_EXERCISE BRIEF_
In the entries below, the lines from the one with "(x + lam *: d)." through the one with "[set x | S x /\ dot a x = beta]." are to be copied exactly; both ends count.

::: DATA EXTRACT

(* Let $P=\{x\in\mathbb{R}^n: Ax\ge b\}$ with rational data be full-dimensional and pointed, $c\in\mathbb{R}^n$, and $\bar x$ a basic optimal solution of $\min\{c^\top x: x\in P\}$. Consider a split disjunction with two terms $P^1=\{x\in P:\pi^\top x\le\pi_0\}$ and $P^2=\{x\in P:\pi^\top x\ge\pi_0+1\}$, and let $P_D=\operatorname{cl}\operatorname{conv}(P^1\cup P^2)$, with $\bar x\notin P_D$. For $t\in\{1,2\}$, let $p^t$ be a basic optimal solution of $\min\{c^\top x:x\in P^t\}$, $C^t$ the basis cone at $p^t$ with extreme rays $r^{t1},\dots,r^{tn}$, and $P_D^0=\operatorname{conv}\{p^1,p^2\}+\operatorname{cone}\{r^{tj}: t\in\{1,2\}, j\in[n]\}$. Suppose the bases defining $p^1$ and $p^2$ are unique. Then every facet of $P_D^0$ that is tight on both $p^1$ and $p^2$ is a facet of $P_D$. Moreover, every facet of $P_D$ that is tight on both $p^1$ and $p^2$ and cuts off $\bar x$ exists as a facet of $P_D^0$.
   Context: A cobasis of a basic solution $p^t$ of $P^t$ is a set of $n$ linearly independent inequalities from the system defining $P^t$ that are tight at $p^t$; the basis cone $C^t$ at $p^t$ is the intersection of these $n$ half-spaces, a cone with apex $p^t$ and $n$ extreme rays. Here $\pi\in\mathbb{Z}^n$, $\pi_0\in\mathbb{Z}$ define the split. *)

From HB Require Import structures.
From mathcomp Require Import all_boot all_order all_algebra.
From mathcomp Require Import all_classical all_reals topology num_topology matrix_topology.
Set Implicit Arguments. Unset Strict Implicit. Unset Printing Implicit Defensive.
Import Order.TTheory GRing.Theory Num.Theory.
Local Open Scope ring_scope.
Import numFieldTopology.Exports.
Local Open Scope classical_set_scope.

Section Polyhedra.
Variables (R : realType) (n : nat).
Notation V := 'cV[R]_n.

Definition dot (u v : V) : R := \sum_(i < n) u i 0 * v i 0.

Definition polyh (M : nat) (A : 'M[R]_(M, n)) (b : 'cV[R]_M) : set V :=
  [set x | forall i : 'I_M, b i 0 <= (A *m x) i 0].

Definition tight (M : nat) (A : 'M[R]_(M, n)) (b : 'cV[R]_M) (x : V) (i : 'I_M) :=
  (A *m x) i 0 = b i 0.

Definition lin_indep_rows (M : nat) (A : 'M[R]_(M, n)) (B : {set 'I_M}) :=
  forall l : 'I_M -> R, \sum_(i in B) l i *: row i A = 0 ->
    forall i, i \in B -> l i = 0.

Definition cobasis (M : nat) (A : 'M[R]_(M, n)) (b : 'cV[R]_M) (p : V)
    (B : {set 'I_M}) :=
  [/\ #|B| = n, lin_indep_rows A B & forall i, i \in B -> tight A b p i].

Definition basic_optimal (M : nat) (A : 'M[R]_(M, n)) (b : 'cV[R]_M) (c p : V) :=
  [/\ polyh A b p, exists B, cobasis A b p B &
      forall x, polyh A b x -> dot c p <= dot c x].

Definition basis_cone (M : nat) (A : 'M[R]_(M, n)) (b : 'cV[R]_M)
    (B : {set 'I_M}) : set V :=
  [set x | forall i, i \in B -> b i 0 <= (A *m x) i 0].

Definition conv (S : set V) : set V :=
  [set x | exists (k : nat) (s : 'I_k -> V) (l : 'I_k -> R),
     [/\ forall j, S (s j), forall j, 0 <= l j, \sum_j l j = 1 &
         x = \sum_j l j *: s j]].

Definition cone (S : set V) : set V :=
  [set x | exists (k : nat) (s : 'I_k -> V) (l : 'I_k -> R),
     [/\ forall j, S (s j), forall j, 0 <= l j & x = \sum_j l j *: s j]].

Definition msum (S T : set V) : set V :=
  [set z | exists x y, [/\ S x, T y & z = x + y]].

Definition ext_ray_dir (C : set V) (p : V) : set V :=
  [set d | [/\ C (p + d), d != 0 &
     forall u v, C (p + u) -> C (p + v) -> d = u + v ->
       exists lu lv, [/\ 0 <= lu, 0 <= lv, u = lu *: d & v = lv *: d]]].

Definition has_affindep (S : set V) (k : nat) :=
  exists (x0 : V) (x : 'I_k -> V),
    [/\ S x0, forall j, S (x j) &
        forall l : 'I_k -> R, \sum_j l j *: (x j - x0) = 0 -> forall j, l j = 0].

Definition affdim (S : set V) (k : nat) := has_affindep S k /\ ~ has_affindep S k.+1.

Definition pointed (S : set V) :=
  ~ exists x d : V, d != 0 /\ forall lam : R, S (x + lam *: d).

Definition valid_ineq (S : set V) (a : V) (beta : R) :=
  forall x, S x -> beta <= dot a x.

Definition face_of (S : set V) (a : V) (beta : R) : set V :=
  [set x | S x /\ dot a x = beta].

Definition facet_ineq (S : set V) (a : V) (beta : R) :=
  valid_ineq S a beta /\
  exists k, affdim S k.+1 /\ affdim (face_of S a beta) k.

End Polyhedra.

Section Split.
Variables (R : realType) (n m : nat).

Definition ratmx (p q : nat) (A : 'M[rat]_(p, q)) : 'M[R]_(p, q) :=
  map_mx (fun x : rat => ratr x) A.
Definition intmx (p q : nat) (A : 'M[int]_(p, q)) : 'M[R]_(p, q) :=
  map_mx (fun x : int => x%:~R) A.

(* system of P^1 = {x in P : pi^T x <= pi0}, written as  -pi^T x >= -pi0 *)
Definition sysA1 (A : 'M[rat]_(m, n)) (pi : 'cV[int]_n) : 'M[R]_(m + 1, n) :=
  col_mx (ratmx A) (- (intmx pi)^T).
Definition sysb1 (b : 'cV[rat]_m) (pi0 : int) : 'cV[R]_(m + 1) :=
  col_mx (ratmx b) (const_mx (- pi0%:~R)).
Definition sysA2 (A : 'M[rat]_(m, n)) (pi : 'cV[int]_n) : 'M[R]_(m + 1, n) :=
  col_mx (ratmx A) (intmx pi)^T.
Definition sysb2 (b : 'cV[rat]_m) (pi0 : int) : 'cV[R]_(m + 1) :=
  col_mx (ratmx b) (const_mx (pi0 + 1)%:~R).

Definition PD (A : 'M[rat]_(m, n)) (b : 'cV[rat]_m) (pi : 'cV[int]_n) (pi0 : int)
  : set 'cV[R]_n :=
  closure (conv (polyh (sysA1 A pi) (sysb1 b pi0) `|` polyh (sysA2 A pi) (sysb2 b pi0))).

Definition PD0 (A : 'M[rat]_(m, n)) (b : 'cV[rat]_m) (pi : 'cV[int]_n) (pi0 : int)
  (p1 p2 : 'cV[R]_n) (B1 B2 : {set 'I_(m + 1)}) : set 'cV[R]_n :=
  msum (conv [set x | x = p1 \/ x = p2])
       (cone (ext_ray_dir (basis_cone (sysA1 A pi) (sysb1 b pi0) B1) p1 `|`
              ext_ray_dir (basis_cone (sysA2 A pi) (sysb2 b pi0) B2) p2)).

::::::

_EXPECTED OUTPUT_
  ~ exists x d : V, d != 0 /\ forall lam : R, S (x + lam *: d).

Definition valid_ineq (S : set V) (a : V) (beta : R) :=
  forall x, S x -> beta <= dot a x.

Definition face_of (S : set V) (a : V) (beta : R) : set V :=
  [set x | S x /\ dot a x = beta].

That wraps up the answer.